Before quantifying IFN-inducing activity, THP1-Dual and THP1-Dual-KO-STING cells were differentiated into macrophages by culturing in RPMI-1640 medium supplemented with 10% foetal calf serum (FCS) and 10 ng/mL phorbol 12-myristate 13-acetate (PMA) daily, and then rested in RPMI-1640 with 10% FCS. To quantify the IFN-inducing activity, the cells were incubated with 5% plasma for 18 h. Lucia luciferase in the supernatant was quantified using a QUANTI-Luc 4 Lucia/Gaussia (InvivoGen) by measuring the relative light units of chemiluminescence. To inhibit IFN-I, an IFN-I blocking cocktail was used in combination with 1 μg/mL anti-human IFN-α2 (InvivoGen), 1 μg/mL anti-human IFN-β (InvivoGen), and 1 μg/mL anti-IFN-α/β receptor chain 2 antibodies (Merck, Germany).
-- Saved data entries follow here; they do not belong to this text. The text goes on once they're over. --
(* In the $q$-shuffle algebra $\mathbb V$, the following three subalgebras coincide: (i) the subalgebra generated by $\{C_n\}_{n=1}^\infty$; (ii) the subalgebra generated by $\{D_n\}_{n=1}^\infty$; (iii) the subalgebra generated by $\{\tilde G_n\}_{n=1}^\infty$.
   Context: Let $\mathbb F$ be a field and let $q\in\mathbb F$ be nonzero and not a root of unity. Let $[m]_q=(q^m-q^{-m})/(q-q^{-1})$. Let $\mathbb V$ be the free associative $\mathbb F$-algebra on noncommuting $x,y$, with basis the words (including $1$). Juxtaposition denotes concatenation. Set $\langle x,x\rangle=\langle y,y\rangle=2$ and $\langle x,y\rangle=\langle y,x\rangle=-2$. The $q$-shuffle product $\star$ is the bilinear product determined as follows: - $1\star v=v\star 1=v$; - for nontrivial words $u=u_1\cdots u_r$ and $v=v_1\cdots v_s$, $$u\star v=u_1((u_2\cdots u_r)\star v)+v_1(u\star(v_2\cdots v_s))q^{\langle u_1,v_1\rangle+\cdots+\langle u_r,v_1\rangle}.$$ This makes $\mathbb V$ an associative algebra, the $q$-shuffle algebra. Subalgebras are taken with respect to $\star$. For $k\in\mathbb N$, let $\tilde G_k=xyxy\cdots xy$ be the word of length $2k$, with $\tilde G_0=1$. Define $D_0=1$ and, for $n\ge1$, define $D_n$ recursively by $\sum_{i=0}^n D_i\star\tilde G_{n-i}=0$. Let $\overline x=1$ and $\overline y=-1$. A word $v_1\cdots v_m$ is Catalan if $\overline v_1+\cdots+\overline v_i\ge0$ for $1\le i\le m-1$ and $\overline v_1+\cdots+\overline v_m=0$. For $n\in\mathbb N$, $$C_n=\sum v_1\cdots v_{2n}\,[1]_q[1+\overline v_1]_q\cdots[1+\overline v_1+\cdots+\overline v_{2n}]_q,$$ where the sum is over Catalan words of length $2n$. *)

From mathcomp Require Import all_boot all_order all_algebra.
Set Implicit Arguments. Unset Strict Implicit. Unset Printing Implicit Defensive.
Import Order.TTheory GRing.Theory Num.Theory.
Local Open Scope ring_scope.
(* Let $n\geq 3$. For $k\in\mathbb{N}$ let $\mathbb{D}_k:=\{2^{-j}:0\leq j\leq k\}$ and $$\mathscr{R}_k:=\Big\{[0,s_1]\times\cdots\times[0,s_{n-2}]\times\Big[0,\frac{2^{-(n-1)k}}{s_1\cdots s_{n-2}}\Big]: s_1,\dots,s_{n-2}\in\mathbb{D}_k\Big\}$$ (rectangles in $\mathbb{R}^{n-1}$), let $\mathscr{R}:=\bigcup_{k\in\mathbb{N}}\mathscr{R}_k$ and $\tilde{\mathscr{R}}:=\{R\times[0,1]:R\in\mathscr{R}\}$ (rectangles in $\mathbb{R}^n$). Then the projections of the rectangles of $\tilde{\mathscr{R}}$ onto the $x_{n-1}x_n$ coordinate plane form a family of finite width, and for every Orlicz function $\Phi$ with $\Phi=o(\Phi_{n-2})$ at $\infty$, $M_{\tilde{\mathscr{R}}}$ does not satisfy a weak $L^\Phi$ inequality.
   Context: A family of rectangles has finite width if it is a finite union of subfamilies each totally ordered by inclusion. For measurable $f$, $M_{\tilde{\mathscr{R}}}f(x):=\sup\{\frac{1}{|R|}\int_{\tau(R)}|f|: R\in\tilde{\mathscr{R}},\ \tau\text{ a translation},\ x\in\tau(R)\}$, $|\cdot|$ being Lebesgue measure. An Orlicz function is a convex increasing $\Phi:[0,\infty)\to[0,\infty)$ with $\Phi(0)=0$; $M_{\tilde{\mathscr{R}}}$ satisfies a weak $L^\Phi$ inequality if there is $C>0$ with $|\{M_{\tilde{\mathscr{R}}}f>\lambda\}|\leq\int_{\mathbb{R}^n}\Phi(C|f|/\lambda)$ for all $\lambda>0$ and all measurable $f$ with $\Phi(|f|)\in L^1$. $\Phi_d(t):=t(1+\log_+^dt)$, $\log_+t=\max(\log t,0)$. *)

From HB Require Import structures.
From mathcomp Require Import all_boot all_order all_algebra.
From mathcomp Require Import all_classical all_reals all_analysis.
Set Implicit Arguments. Unset Strict Implicit. Unset Printing Implicit Defensive.
Import Order.TTheory GRing.Theory Num.Theory.
Import numFieldNormedType.Exports.
Local Open Scope classical_set_scope.
Local Open Scope ring_scope.

(* R^n is modelled as n.-tuple R, with the product sigma-algebra generated by
   the coordinate maps (provided by MathComp-Analysis). *)

Definition box (R : realType) (n : nat) (a b : n.-tuple R) : set (n.-tuple R) :=
  [set x | forall i : 'I_n, tnth a i <= tnth x i <= tnth b i].

(* mu is n-dimensional Lebesgue measure: it gives every closed box its volume.
   (On the product sigma-algebra this characterizes Lebesgue measure.) *)
Definition is_lebesgue_measure (R : realType) (n : nat)
    (mu : {measure set (n.-tuple R) -> \bar R}) : Prop :=
  forall a b : n.-tuple R, (forall i : 'I_n, tnth a i <= tnth b i) ->
    mu (box a b) = (\prod_(i < n) (tnth b i - tnth a i))%:E.

Definition translate (R : realType) (n : nat) (a : n.-tuple R)
    (A : set (n.-tuple R)) : set (n.-tuple R) :=
  [set x | exists2 y, A y & x = [tuple tnth y i + tnth a i | i < n]].

Definition maximal_op (R : realType) (n : nat)
    (mu : {measure set (n.-tuple R) -> \bar R}) (F : set (set (n.-tuple R)))
    (f : n.-tuple R -> R) (x : n.-tuple R) : \bar R :=
  ereal_sup [set v | exists A, exists a : n.-tuple R,
     [/\ F A, translate a A x &
         v = ((\int[mu]_(y in translate a A) (`|f y|)%:E)
               * ((fine (mu A))^-1)%:E)%E]].

(* Orlicz function: convex, increasing (nondecreasing), Phi(0) = 0,
   [0,oo) -> [0,oo); values of Phi on negative reals are irrelevant. *)
Definition orlicz (R : realType) (Phi : R -> R) : Prop :=
  [/\ Phi 0 = 0,
      (forall t, 0 <= t -> 0 <= Phi t),
      (forall s t, 0 <= s -> s <= t -> Phi s <= Phi t) &
      (forall s t l, 0 <= s -> 0 <= t -> 0 <= l <= 1 ->
         Phi (l * s + (1 - l) * t) <= l * Phi s + (1 - l) * Phi t)].

Definition logp (R : realType) (t : R) : R := Num.max (ln t) 0.

Definition Phi_d (R : realType) (d : nat) (t : R) : R := t * (1 + logp t ^+ d).

Definition littleo_at_infty (R : realType) (Phi Psi : R -> R) : Prop :=
  forall eps : R, 0 < eps -> exists M : R, forall t, M <= t ->
    `|Phi t| <= eps * `|Psi t|.

Definition weak_LPhi (R : realType) (n : nat)
    (mu : {measure set (n.-tuple R) -> \bar R}) (F : set (set (n.-tuple R)))
    (Phi : R -> R) : Prop :=
  exists2 C : R, 0 < C & forall (lam : R) (f : n.-tuple R -> R), 0 < lam ->
    measurable_fun setT f ->
    mu.-integrable setT (fun x => (Phi `|f x|)%:E) ->
    (mu [set x | (lam%:E < maximal_op mu F f x)%E]
       <= \int[mu]_x (Phi (C * `|f x| / lam))%:E)%E.

Definition finite_width (T : Type) (F : set (set T)) : Prop :=
  exists (m : nat) (G : nat -> set (set T)),
    F = \bigcup_(i in `I_m) G i /\
    (forall i, (i < m)%N -> forall A B, G i A -> G i B -> A `<=` B \/ B `<=` A).

(* (0-based coordinate indices i, j < n) *)
Definition proj_plane (R : realType) (n : nat) (i j : nat) (A : set (n.-tuple R))
    : set (R * R) :=
  [set (nth 0 x i, nth 0 x j) | x in A].

(* side lengths of the rectangle in tilde-R_k with s_i = 2^-(js i), i < n-2:
   coordinates 0..n-3 : s_i ; coordinate n-2 : 2^{-(n-1)k}/(s_1...s_{n-2}) ;
   coordinate n-1 : 1 *)
Definition side (R : realType) (n k : nat) (js : nat -> nat) (i : nat) : R :=
  if (i < n - 2)%N then (2^-1) ^+ js i
  else if i == (n - 2)%N then
    (2^-1) ^+ ((n - 1) * k) / \prod_(l < n - 2) (2^-1) ^+ js l
  else 1.

Definition rect (R : realType) (n k : nat) (js : nat -> nat) : set (n.-tuple R) :=
  [set x | forall i : 'I_n, 0 <= tnth x i <= @side R n k js i].

Definition Rtilde (R : realType) (n : nat) : set (set (n.-tuple R)) :=
  [set A | exists (k : nat) (js : nat -> nat),
     (forall i, (i < n - 2)%N -> (js i <= k)%N) /\ A = @rect R n k js].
2.4. Measurement of deoxyribonucleic acid
Plasma dsDNA concentration was measured using the Quant-iT PicoGreen dsDNA assay kit (Invitrogen, Thermo Fisher Scientific, USA). Plasma single-stranded DNA (ssDNA) concentration was measured using the Quant-iT OliGreen ssDNA Assay Kit (Invitrogen, Thermo Fisher Scientific, USA), following the manufacturer’s instructions.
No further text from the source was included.